Well, you can certainly listen to systems – even if trying to ascribe their performance to just one element is impossible. Also, given that most of the major rooms fit into two main layouts and most of the others share the same construction, you can learn who knows how to work with set-up (or much more likely, who doesn’t). Finally – once you get over the almost hallucinogenic strobing of different products and systems, themes and patterns start to emerge. This year was no exception.
The future is finally now…
Last year, network connected systems accounted for two of my three favourite systems in Munich – systems that actually delivered serious and seriously enjoyable musical performance. The third was an earnest attempt to re-write the route from personal listening on headphones to real sound in real spaces. Streamed music was succeeding where conventional replay of physical media was failing to deliver on its all too real advantages.
Sitting on the side-lines of that conversation was Goldmund’s clever and stylish Pulp, a wireless speaker/hub system designed to deliver high-quality distributed music. This year, building on that digital eco-system, the company showed its Asteria, a deceptively simple, two-box, three-way, active wireless design with a compact, almost anonymous visage intended to fit almost any environment or décor. With three built in Telos amplifier modules, a 7” mid and 9” bass driver and connectivity via S/PDIF or wireless hub, this is a potentially potent performer – despite its modest dimensions. At the show it was played at almost background levels, but even then, its transparency and clarity were obvious.

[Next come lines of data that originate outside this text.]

Lemma ML_error_le_sum_confused N T K (alpha : R) (S : {set 'I_N})
    (X : design N T) :
  S \in ksubsets N K ->
  (if [exists S', ML_output R K X (outcome X S) S' && misses_too_many K alpha S S']
   then 1 else 0 : R) <=
  \sum_(S' in ksubsets N K)
     indR (misses_too_many K alpha S S' && (outcome X S' == outcome X S)).
Proof.
move=> SK.
case: existsP => [[S' /andP[/andP[S'K /forall_inP ML] miss]] | _]; last first.
  by apply: sumr_ge0 => S' _; exact: indR_ge0.
(* S itself explains the outcome, so every ML output must explain it too *)
have := ML S SK; rewrite /lik eqxx.
case: eqP => [S'_explains _ | _]; last by rewrite ler10.
rewrite (bigD1 S') //= miss S'_explains eqxx lerDl.
by apply: sumr_ge0 => ? _; exact: indR_ge0.
Qed.

Lemma err_prob_le N K T (alpha : R) : (2 <= K)%N -> 0 < alpha ->
  err_prob N K T alpha <= 'C(N, K)%:R * (1 - separation_gap alpha) ^+ T.
Proof.
move=> K2 alpha0.
have card_ksubsets : #|ksubsets N K| = 'C(N, K) by rewrite card_draws card_ord.
set e := (1 - separation_gap alpha) ^+ T; set C : R := 'C(N, K)%:R.
have Cinv0 : 0 <= C^-1 by rewrite invr_ge0 ler0n.
apply: (@le_trans _ _ (\sum_(S in ksubsets N K) C^-1 * (C * e))).
  apply: ler_sum => S SK.
  apply: (@le_trans _ _ (\sum_(X : design N T) C^-1 * design_prob R K X *
      \sum_(S' in ksubsets N K)
        indR (misses_too_many K alpha S S' && (outcome X S' == outcome X S)))).
    apply: ler_sum => X _; apply: ler_wpM2l; last exact: ML_error_le_sum_confused.
    by rewrite mulr_ge0 ?design_prob_ge0 // ltnW.
  under eq_bigr => X _ do rewrite -mulrA mulr_sumr.
  rewrite -mulr_sumr exchange_big /= ler_wpM2l // /C -card_ksubsets mulr_natl.
  by rewrite -sumr_const; apply: ler_sum => S' S'K; apply: prob_confused_le.
rewrite sumr_const card_ksubsets -mulr_natl -/C.
have [->|C0] := eqVneq C 0; first by rewrite !mul0r.
by rewrite mulrA mulfV // mul1r.
Qed.

Lemma err_prob_ge0 N K T (alpha : R) : (0 < K)%N -> 0 <= err_prob N K T alpha.
Proof.
move=> K0; apply: sumr_ge0 => S _; apply: sumr_ge0 => X _.
apply: mulr_ge0; last by case: ifP.
by rewrite mulr_ge0 ?invr_ge0 ?ler0n ?design_prob_ge0.
Qed.

Lemma bin_leq_expn n k : ('C(n, k) <= n ^ k)%N.
Proof.
have ffact_le : (n ^_ k <= n ^ k)%N.
  by elim: k => [|k IHk] //; rewrite ffactnSr expnSr leq_mul // leq_subr.
by rewrite (leq_trans _ ffact_le) // -bin_ffact leq_pmulr ?fact_gt0.
Qed.

Lemma bin_mul_geometric_le n K T (c : R) : (2 <= K)%N -> 0 < c <= 1 ->
  2 * K%:R * ln (n%:R : R) < c * T.+1%:R ->
  'C(n, K)%:R * (1 - c) ^+ T <= expR c * n.+1%:R^-1.
Proof.
move=> K2 /andP[c0 c1] T_large.
have [n_lt_K | K_le_n] := ltnP n K.
  by rewrite bin_small // mul0r mulr_ge0 ?expR_ge0 ?invr_ge0.
have n0 : (0 : R) < n%:R by rewrite ltr0n; lia.
set L := ln (n%:R : R) in T_large *.
have nE : n%:R = expR L by rewrite lnK ?posrE.
have bin_le : 'C(n, K)%:R <= expR (K%:R * L) :> R.
  by rewrite expRM_natl -nE -natrX ler_nat bin_leq_expn.
have geom_le : (1 - c) ^+ T <= expR (c - 2 * (K%:R * L)).
  apply: (@le_trans _ _ (expR (- c) ^+ T)).
    by apply: (lerXn2r T) (expR_ge1Dx _); rewrite nnegrE ?subr_ge0 ?expR_ge0.
  by rewrite -expRM_natl ler_expR; move: T_large; rewrite -natr1; lra.
apply: (le_trans (ler_pM (ler0n _ _) (exprn_ge0 _ _) bin_le geom_le)); first lra.
rewrite -expRD (_ : _ + _ = c - K%:R * L); last lra.
rewrite expRD expRN expRM_natl -nE ler_wpM2l ?expR_ge0 //.
rewrite lef_pV2 ?posrE ?ltr0n ?exprn_gt0 // -natrX ler_nat.
by rewrite (@leq_trans (n ^ 2)) ?leq_pexp2l //; nia.
Qed.

End ErrorBound.

Theorem theorem6 (R : realType) (alpha : R) (halpha0 : 0 < alpha) (halpha1 : alpha < 1) :
  exists C : R, 0 < C /\
    forall K : nat -> nat,
      (forall M : nat, \forall n \near \oo, (M <= K n)%N) ->
      ((fun n : nat => (K n)%:R / n%:R : R) @ \oo --> (0 : R)) ->
      exists T : nat -> nat,
        (forall n : nat, (T n)%:R <= C * (K n)%:R * ln (n%:R : R)) /\
        ((fun n : nat => err_prob n (K n) (T n) alpha) @ \oo --> (0 : R)).
Proof.
have /andP[c0 c1] := separation_gap_itv halpha0.
set c := separation_gap alpha in c0 c1 *.
exists (2 / c); split; first by rewrite divr_gt0.
move=> K K_large _.
pose tests n := 2 / c * (K n)%:R * ln (n%:R : R).
have tests_ge0 n : 0 <= tests n.
  have ln_n_ge0 : 0 <= ln (n%:R : R).
    by case: n => [|n]; [rewrite mulr0n ln0 | apply: ln_ge0; rewrite ler1n].
  by rewrite !mulr_ge0 // invr_ge0 ltW.
exists (fun n => Num.Def.trunc (tests n)).
split=> [n|]; first by rewrite truncn_le tests_ge0.
apply: (@squeeze_cvgr _ _ _ _ (fun _ => 0) (fun n => expR c * harmonic n));
  last 2 first.
- exact: cvg_cst.
- by rewrite -(mulr0 (expR c)); apply: cvgMl_tmp; exact: cvg_harmonic.
near=> n; have K2 : (2 <= K n)%N by near: n; exact: K_large 2.
rewrite err_prob_ge0 ?(ltnW K2) //=.
apply: le_trans (err_prob_le _ _ K2 halpha0) _.
apply: bin_mul_geometric_le => //; first by rewrite c0 c1.
rewrite (_ : 2 * _ * _ = c * tests n) ?ltr_pM2l ?truncnS_gt //.
by rewrite /tests !mulrA [c * 2]mulrC mulfK ?gt_eqF.
Unshelve. all: end_near.
Qed.
(* Let $d\ge 1$ and let $\mathbf{X}$ and $\mathbf{Y}$ be $d$-dimensional random vectors. If $\mathbb{E}\, u(\mathbf{X}) > \mathbb{E}\, u(\mathbf{Y})$ for every $u \in \mathcal{U}$, then $\mathbf{X} \succ_{d} \mathbf{Y}$.
   Context: For $\mathbf{x},\mathbf{y}\in\mathbb{R}^d$ write $\mathbf{y}\preceq_p \mathbf{x}$ if $y_i\le x_i$ for all $i$, and say $\mathbf{x}$ Pareto dominates $\mathbf{y}$, written $\mathbf{x}\succ_p\mathbf{y}$, if $x_i\ge y_i$ for all $i$ and $x_i>y_i$ for some $i$. $\mathcal{U}$ denotes the class of strictly monotonically increasing functions $u:\mathbb{R}^d\to\mathbb{R}$, i.e. $\mathbf{x}\succ_p\mathbf{y}\implies u(\mathbf{x})>u(\mathbf{y})$. The CDF of a random vector $\mathbf{X}$ is $F_{\mathbf{X}}(\mathbf{x})=P(\mathbf{X}\preceq_p\mathbf{x})$. First-order stochastic dominance: $\mathbf{X}\succeq_{\mathrm{FSD}}\mathbf{Y}$ iff $F_{\mathbf{X}}(\mathbf{v})\le F_{\mathbf{Y}}(\mathbf{v})$ for all $\mathbf{v}\in\mathbb{R}^d$; strict first-order stochastic dominance $\mathbf{X}\succ_{\mathrm{FSD}}\mathbf{Y}$ means $\mathbf{X}\succeq_{\mathrm{FSD}}\mathbf{Y}$ and $F_{\mathbf{X}}(\mathbf{v})< F_{\mathbf{Y}}(\mathbf{v})$ for some $\mathbf{v}$ (the same definitions apply to real random variables, $d=1$). Distributional dominance: $\mathbf{X}\succ_{d}\mathbf{Y}$ iff $\mathbf{X}\succeq_{\mathrm{FSD}}\mathbf{Y}$ and there is $i\in\{1,\dots,d\}$ such that the marginal $X_i$ strictly first-order stochastically dominates the marginal $Y_i$, $X_i\succ_{\mathrm{FSD}}Y_i$. All expectations appearing are assumed to exist. *)

From HB Require Import structures.
From mathcomp Require Import all_boot all_order all_algebra.
From mathcomp Require Import all_classical all_reals all_analysis.
Set Implicit Arguments. Unset Strict Implicit. Unset Printing Implicit Defensive.
Import Order.TTheory GRing.Theory Num.Theory.
Local Open Scope classical_set_scope.
Local Open Scope ring_scope.

Section Defs.
Variable R : realType.
Variable d : nat.

Definition pareto_le (y x : 'I_d -> R) : Prop := forall i, y i <= x i.

Definition pareto_dom (x y : 'I_d -> R) : Prop :=
  (forall i, y i <= x i) /\ exists i, y i < x i.

(* u ∈ 𝒰 : strictly monotonically increasing *)
Definition strictly_increasing (u : ('I_d -> R) -> R) : Prop :=
  forall x y, pareto_dom x y -> u y < u x.

Variables (dT : measure_display) (T : measurableType dT).

Definition cdf_vec (P : probability T R) (X : T -> 'I_d -> R) (v : 'I_d -> R)
  : \bar R := P [set w | pareto_le (X w) v].

End Defs.

Section Defs1.
Variable R : realType.
Variables (dT : measure_display) (T : measurableType dT).
(* Let $d\ge1$ and let $(\boldsymbol X_1,Y_1)=(X_{1,1},\ldots,X_{1,d},Y_1)$ be a random vector with continuous marginals and $(d+1)$-dimensional copula $C_1$. Fix $\boldsymbol\alpha\in[0,1)^d$ with $C_1(\boldsymbol\alpha,1)<1$. If $C_1$ is $\mathrm{LTD}^1_{d+1}$, then for all $\beta\in(0,1)$, $$\mathrm{VaR}_\beta(Y_1)\le\mathrm{VCoVaR}_{\boldsymbol\alpha,\beta}(Y_1|\boldsymbol X_1)\quad\text{and}\quad \mathrm{ES}_\beta(Y_1)\le\mathrm{VCoES}_{\boldsymbol\alpha,\beta}(Y_1|\boldsymbol X_1).$$
   Context: $C(\boldsymbol{\alpha},v)=C(\alpha_1,\ldots,\alpha_d,v)$. $F^{-1}(t)=\inf\{x:F(x)\ge t\}$, $\mathrm{VaR}_t(Z)=F_Z^{-1}(t)$, $\mathrm{ES}_\beta(Z)=\frac1{1-\beta}\int_\beta^1\mathrm{VaR}_t(Z)\,dt$. $\mathrm{VCoVaR}_{\boldsymbol\alpha,t}(Y_1|\boldsymbol X_1)$ is the $t$-quantile of the conditional distribution of $Y_1$ given $\{\exists\, i: X_{1,i}>\mathrm{VaR}_{\alpha_i}(X_{1,i})\}$; $\mathrm{VCoES}_{\boldsymbol\alpha,\beta}(Y_1|\boldsymbol X_1)=\frac1{1-\beta}\int_\beta^1\mathrm{VCoVaR}_{\boldsymbol\alpha,t}(Y_1|\boldsymbol X_1)\,dt$. A $(d+1)$-dimensional copula $C$ is $\mathrm{LTD}^1_{d+1}$ if $C(u_1,\ldots,u_d,v)/v$ is nonincreasing in $v\in(0,1]$ for all $u_1,\ldots,u_d$ (equivalently, for $(U_1,\ldots,U_d,V)\sim C$, $P(U_1\le u_1,\ldots,U_d\le u_d\mid V\le v)$ is nonincreasing in $v$). *)

From HB Require Import structures.
From mathcomp Require Import all_boot all_order all_algebra.
From mathcomp Require Import all_classical all_reals all_analysis.
Set Implicit Arguments. Unset Strict Implicit. Unset Printing Implicit Defensive.
Import Order.TTheory GRing.Theory Num.Theory.
Local Open Scope classical_set_scope.
Local Open Scope ring_scope.

(* (n+1)-dimensional copula written as C(u_1,...,u_n, v), u : 'I_n -> R. *)
Definition in01 (R : realType) (x : R) := 0 <= x <= 1.

Definition copula (R : realType) (n : nat) (C : ('I_n -> R) -> R -> R) : Prop :=
  (forall u v, (forall i, in01 (u i)) -> in01 v ->
     ((exists i, u i = 0) \/ v = 0) -> C u v = 0) /\
  (forall v, in01 v -> C (fun _ => 1) v = v) /\
  (forall j x, in01 x -> C (fun i => if i == j then x else 1) 1 = x) /\
  (* (n+1)-increasing: every C-volume of a box in [0,1]^(n+1) is nonnegative *)
  (forall (a b : 'I_n -> R) (av bv : R),
     (forall i, 0 <= a i /\ a i <= b i /\ b i <= 1) ->
     0 <= av -> av <= bv -> bv <= 1 ->
     0 <= \sum_(s : {ffun 'I_n -> bool}) \sum_(e : bool)
            (-1) ^+ (#|[set i | ~~ s i]| + (~~ e))%N *
            C (fun i => if s i then b i else a i) (if e then bv else av)).

Definition LTD1 (R : realType) (n : nat) (C : ('I_n -> R) -> R -> R) : Prop :=
  forall u v1 v2, (forall i, in01 (u i)) -> 0 < v1 -> v1 <= v2 -> v2 <= 1 ->
    C u v2 / v2 <= C u v1 / v1.

Section risk.
Context {d : measure_display} {T : measurableType d} {R : realType}
  (P : probability T R).
Local Open Scope ereal_scope.

Definition VaR (Z : {RV P >-> R}) (t : R) : \bar R :=
  ereal_inf [set x%:E | x in [set x : R | t%:E <= cdf Z x]].

Definition ES (Z : {RV P >-> R}) (beta : R) : \bar R :=
  ((1 - beta)^-1)%:E *
  \int[lebesgue_measure]_(t in `[beta, 1%R]%classic) VaR Z t.

Definition stress_event (n : nat) (X : 'I_n -> {RV P >-> R}) (alpha : 'I_n -> R)
  : set T := [set w | exists i, VaR (X i) (alpha i) < (X i w)%:E].

Definition cond_cdf (n : nat) (X : 'I_n -> {RV P >-> R}) (alpha : 'I_n -> R)
  (Y : {RV P >-> R}) (y : R) : R :=
  (fine (P (stress_event X alpha `&` [set w | Y w <= y])) /
   fine (P (stress_event X alpha)))%R.

Definition VCoVaR (n : nat) (X : 'I_n -> {RV P >-> R}) (alpha : 'I_n -> R)
  (Y : {RV P >-> R}) (t : R) : \bar R :=
  ereal_inf [set y%:E | y in [set y : R | (t <= cond_cdf X alpha Y y)%R]].

Definition VCoES (n : nat) (X : 'I_n -> {RV P >-> R}) (alpha : 'I_n -> R)
  (Y : {RV P >-> R}) (beta : R) : \bar R :=
  ((1 - beta)^-1)%:E *
  \int[lebesgue_measure]_(t in `[beta, 1%R]%classic) VCoVaR X alpha Y t.

End risk.

From HB Require Import structures.
From mathcomp Require Import all_boot all_order all_algebra.
From mathcomp Require Import all_classical all_reals all_analysis.
From mathcomp Require Import lra.
Set Implicit Arguments. Unset Strict Implicit. Unset Printing Implicit Defensive.
Import Order.TTheory GRing.Theory Num.Theory numFieldTopology.Exports numFieldNormedType.Exports.
Local Open Scope classical_set_scope.
Local Open Scope ring_scope.

(* Let B be the lower orthant of X at the quantiles VaR_{alpha_i}(X_i): the
   stress event is the complement of B (or the whole space when some quantile
   is -oo).  By LTD^1, P(B, Y <= y) / F_Y(y) >= P(B, Y <= t) / F_Y(t), and the
   right-hand side tends to P(B) as t -> +oo, so {Y <= y} and B are positively
   correlated.  Hence conditioning on the complement of B lowers the cdf of Y
   pointwise, which raises its quantiles and their tail averages. *)

Lemma le_integral_pointwise (d : measure_display) (T : measurableType d)
  (R : realType) (mu : {measure set T -> \bar R}) (D : set T) (f g : T -> \bar R) :
  {in D, forall x, (f x <= g x)%E} ->
  (\int[mu]_(x in D) f x <= \int[mu]_(x in D) g x)%E.
Proof.
move=> fg; have fgD : {in setT, forall x, (f \_ D) x <= (g \_ D) x}%E.
  by move=> x _; apply: lee_restrict => y /mem_set; exact: fg.
rewrite /integral; apply: leeB; apply: ereal_sup_le => _ [h hh <-];
  exists h => //= x; apply: le_trans (hh x) _.
- exact: funepos_le fgD _ (in_setT x).
- exact: funeneg_le fgD _ (in_setT x).
Qed.

Section stress_conditioning.
Context (d : measure_display) (T : measurableType d) (R : realType)
  (P : probability T R).

Lemma measurable_RV_le (Z : {RV P >-> R}) z : measurable [set w | Z w <= z].
Proof.
rewrite (_ : [set w | Z w <= z] = Z @^-1` `]-oo, z]); last first.
  by apply/seteqP; split => w /=; rewrite in_itv.
exact: measurable_funPTI.
Qed.

Lemma cdf_fin_num (Z : {RV P >-> R}) z : cdf Z z \is a fin_num.
Proof. exact: fin_num_measure. Qed.

Lemma fine_probability_le1 (A : set T) : measurable A -> fine (P A) <= 1.
Proof. by move=> mA; rewrite -lee_fin fineK ?fin_num_measure ?probability_le1. Qed.

Lemma cdf_near1 (Z : {RV P >-> R}) (y e : R) : 0 < e ->
  exists2 t, y <= t & 1 - e < fine (cdf Z t).
Proof.
move=> e0; have /fine_cvgP[_ cdf1] := cvg_cdfy1 Z.
have : \forall t \near +oo%R, y <= t /\ 1 - e < fine (cdf Z t).
  near=> t; split; first by near: t; apply: nbhs_pinfty_ge; exact: num_real.
  by near: t; apply: (cvgr_gt _ cdf1); rewrite ltrBlDr ltrDl.
by move/filter_ex => -[t [yt ht]]; exists t.
Unshelve. all: end_near.
Qed.

Lemma VaR_lt_pinfty (Z : {RV P >-> R}) a : a < 1 -> (VaR Z a < +oo)%E.
Proof.
move=> a1; have [t _ ht] : exists2 t, 0 <= t & 1 - (1 - a) < fine (cdf Z t).
  by apply: cdf_near1; rewrite subr_gt0.
apply: le_lt_trans (ltry t); apply: ereal_inf_lbound; exists t => //=.
by rewrite -(fineK (cdf_fin_num Z t)) lee_fin ltW // -(subKr 1 a).
Qed.

Lemma fine_probability_le_setI_addC (A B : set T) :
  measurable A -> measurable B ->
  fine (P B) <= fine (P (B `&` A)) + (1 - fine (P A)).
Proof.
move=> mA mB; have mBA : measurable (B `\` A) by exact: measurableD.
have PBA : fine (P (B `\` A)) <= 1 - fine (P A).
  rewrite -[1]/(fine 1%E) -fineB ?fin_num_measure // -probability_setC //.
  apply: fine_le; rewrite ?fin_num_measure //; first exact: measurableC.
  by apply: le_measure; rewrite ?inE //; exact: measurableC.
rewrite (measureDI P mB mA) fineD ?fin_num_measure //; last exact: measurableI.
by rewrite addrC lerD2l.
Qed.

Lemma fine_probability_condC_le (A B : set T) :
  measurable A -> measurable B ->
  fine (P A) * fine (P B) <= fine (P (A `&` B)) ->
  fine (P (~` B `&` A)) / fine (P (~` B)) <= fine (P A).
Proof.
move=> mA mB AB; have PB1 := fine_probability_le1 mB.
have -> : fine (P (~` B `&` A)) = fine (P A) - fine (P (A `&` B)).
  rewrite (measureDI P mA mB) fineD ?fin_num_measure ?addrK //.
    by rewrite setIC setDE.
  - exact: measurableD.
  - exact: measurableI.
rewrite probability_setC // fineB ?fin_num_measure //.
have [->|PBne1] := eqVneq (1 - fine (P B)) 0; first by rewrite invr0 mulr0 fine_ge0.
have PBlt1 : 0 < 1 - fine (P B) by rewrite lt_neqAle eq_sym PBne1 subr_ge0.
by rewrite ler_pdivrMr //= mulrBr mulr1 lerD2l lerN2.
Qed.

Definition lower_orthant n (X : 'I_n -> {RV P >-> R}) (q : 'I_n -> R) : set T :=
  [set w | forall i, X i w <= q i].

Definition is_copula_of n (X : 'I_n -> {RV P >-> R}) (Y : {RV P >-> R})
    (C : ('I_n -> R) -> R -> R) :=
  forall (x : 'I_n -> R) (y : R),
    fine (P (lower_orthant X x `&` [set w | Y w <= y])) =
    C (fun i => fine (cdf (X i) (x i))) (fine (cdf Y y)).

Lemma measurable_lower_orthant n (X : 'I_n -> {RV P >-> R}) q :
  measurable (lower_orthant X q).
Proof.
rewrite (_ : lower_orthant _ _ = \bigcap_(i in setT) [set w | X i w <= q i]).
  by apply: fin_bigcap_measurable => // i _; exact: measurable_RV_le.
by apply/seteqP; split => w /= Xq i; [move=> _ |]; exact: Xq.
Qed.

Lemma LTD1_cdf_mul_orthant_le n (X : 'I_n -> {RV P >-> R}) (Y : {RV P >-> R})
    (C : ('I_n -> R) -> R -> R) (q : 'I_n -> R) (y : R) :
  is_copula_of X Y C -> LTD1 C ->
  fine (cdf Y y) * fine (P (lower_orthant X q)) <=
  fine (P (lower_orthant X q `&` [set w | Y w <= y])).
Proof.
move=> XYC ltd; set B := lower_orthant X q; set v := fine (cdf Y y).
pose u i := fine (cdf (X i) (q i)).
have u01 i : in01 (u i).
  by rewrite /in01 fine_ge0 ?fine_probability_le1 //; exact: measurable_RV_le.
have [->|v_neq0] := eqVneq v 0; first by rewrite mul0r fine_ge0.
have v_gt0 : 0 < v by rewrite lt_neqAle eq_sym v_neq0 fine_ge0.
rewrite mulrC -ler_pdivlMr // XYC -/v; apply/ler_addgt0Pr => e e_gt0.
have [t yt cdf_t] := cdf_near1 Y y e_gt0; set v' := fine (cdf Y t) in cdf_t.
have vv' : v <= v'.
  by apply: fine_le; rewrite ?fin_num_measure //; exact: cdf_nondecreasing.
have v'1 : v' <= 1 by apply: fine_probability_le1; exact: measurable_RV_le.
have v'_gt0 : 0 < v' := lt_le_trans v_gt0 vv'.
(* C u 1 need not be P(B), so P(B) is approached through C u v' with v' -> 1. *)
have Cv' : C u v' <= C u v' / v'.
  rewrite ler_pdivlMr // ler_piMr // -XYC fine_ge0 //.
apply: le_trans (fine_probability_le_setI_addC (measurable_RV_le Y t)
  (measurable_lower_orthant X q)) _.
rewrite XYC -/v'; have := ltd u v v' u01 v_gt0 vv' v'1; lra.
Qed.

Lemma stress_event_VaRNy n (X : 'I_n -> {RV P >-> R}) alpha i :
  VaR (X i) (alpha i) = -oo%E -> stress_event X alpha = setT.
Proof. by move=> VaRNy; apply/seteqP; split => // w _; exists i; rewrite VaRNy ltNyr. Qed.

Lemma stress_event_fin_num n (X : 'I_n -> {RV P >-> R}) alpha :
  (forall i, VaR (X i) (alpha i) \is a fin_num) ->
  stress_event X alpha = ~` lower_orthant X (fun i => fine (VaR (X i) (alpha i))).
Proof.
move=> VaR_fin; apply/seteqP; split => w /=.
  by move=> [i Xi] Xq; move: Xi; rewrite -(fineK (VaR_fin i)) lte_fin ltNge Xq.
move=> Xq; apply: contrapT => nS; apply: Xq => i.
by rewrite -lee_fin fineK // leNgt; apply/negP => Xi; apply: nS; exists i.
Qed.

Lemma cond_cdf_le_cdf n (X : 'I_n -> {RV P >-> R}) (Y : {RV P >-> R})
    (C : ('I_n -> R) -> R -> R) (alpha : 'I_n -> R) :
  is_copula_of X Y C -> (forall i, alpha i < 1) -> LTD1 C ->
  forall y, cond_cdf X alpha Y y <= fine (cdf Y y).
Proof.
move=> XYC alpha1 ltd y; rewrite /cond_cdf.
have [[i /stress_event_VaRNy ->]|VaRNy] :=
  pselect (exists i, VaR (X i) (alpha i) = -oo%E).
  by rewrite setTI probability_setT divr1.
rewrite stress_event_fin_num; last first.
  move=> i; rewrite fin_numE -ltey VaR_lt_pinfty // andbT.
  by apply/eqP => VaRi; apply: VaRNy; exists i.
apply: fine_probability_condC_le; [exact: measurable_RV_le|
  exact: measurable_lower_orthant|].
by rewrite setIC; exact: LTD1_cdf_mul_orthant_le.
Qed.

Section cond_cdf_le.
Variables (n : nat) (X : 'I_n -> {RV P >-> R}) (alpha : 'I_n -> R)
  (Y : {RV P >-> R}).
Hypothesis cond_cdf_le : forall y, cond_cdf X alpha Y y <= fine (cdf Y y).

Lemma VaR_le_VCoVaR t : (VaR Y t <= VCoVaR X alpha Y t)%E.
Proof.
apply: ereal_inf_le_tmp => _ [y t_le <-]; exists y => //=.
by rewrite -(fineK (cdf_fin_num Y y)) lee_fin (le_trans t_le).
Qed.

Lemma ES_le_VCoES beta : beta <= 1 -> (ES Y beta <= VCoES X alpha Y beta)%E.
Proof.
move=> beta1; apply: lee_wpmul2l; first by rewrite lee_fin invr_ge0 subr_ge0.
by apply: le_integral_pointwise => t _; exact: VaR_le_VCoVaR.
Qed.

End cond_cdf_le.

End stress_conditioning.

Theorem corollary4p4 (d : measure_display) (T : measurableType d)
  (R : realType) (P : probability T R) (n : nat) (hn : (0 < n)%N)
  (X : 'I_n -> {RV P >-> R}) (Y : {RV P >-> R})
  (C : ('I_n -> R) -> R -> R) (alpha : 'I_n -> R) :
  (* continuous marginals *)
  (forall i, continuous (fun x : R => fine (cdf (X i) x))) ->
  continuous (fun y : R => fine (cdf Y y)) ->
  (* C is a copula of (X_1, ..., X_n, Y) *)
  copula C ->
  (forall (x : 'I_n -> R) (y : R),
     fine (P ([set w | forall i, X i w <= x i] `&` [set w | Y w <= y])) =
     C (fun i => fine (cdf (X i) (x i))) (fine (cdf Y y))) ->
  (forall i, 0 <= alpha i < 1) ->
  C alpha 1 < 1 ->
  LTD1 C ->
  forall beta : R, 0 < beta < 1 ->
    (VaR Y beta <= VCoVaR X alpha Y beta)%E /\
    (ES Y beta <= VCoES X alpha Y beta)%E.
Proof.
move=> _ _ _ XYC alpha01 _ ltd beta /andP[_ beta1].
have alpha1 i : alpha i < 1 by case/andP: (alpha01 i).
have cond_le := cond_cdf_le_cdf XYC alpha1 ltd.
by split; [exact: VaR_le_VCoVaR | exact: ES_le_VCoES (ltW beta1)].
Qed.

Elsewhere, Wattson Audio, recently acquired by CH Precision, were showing their range of network replay solutions and a new amplifier, driving Apertura loudspeakers. With milled from solid casework and genuinely high-end engineering and components inside, the thing that sets them apart is not just their price/performance ratio (which is impressive enough) but their diminutive dimensions. Less material and less weight mean a lower carbon footprint, further underlined by local manufacturing and electrical efficiency. The sound of this system was clean, crisp, coherent and lucid, without ever tipping over into the sterile wasteland that so often typifies high-def streaming solutions. In absolute terms, network replay may still be playing catch up, but unless the physical media crowd get their act together, it could be game over sooner than they think.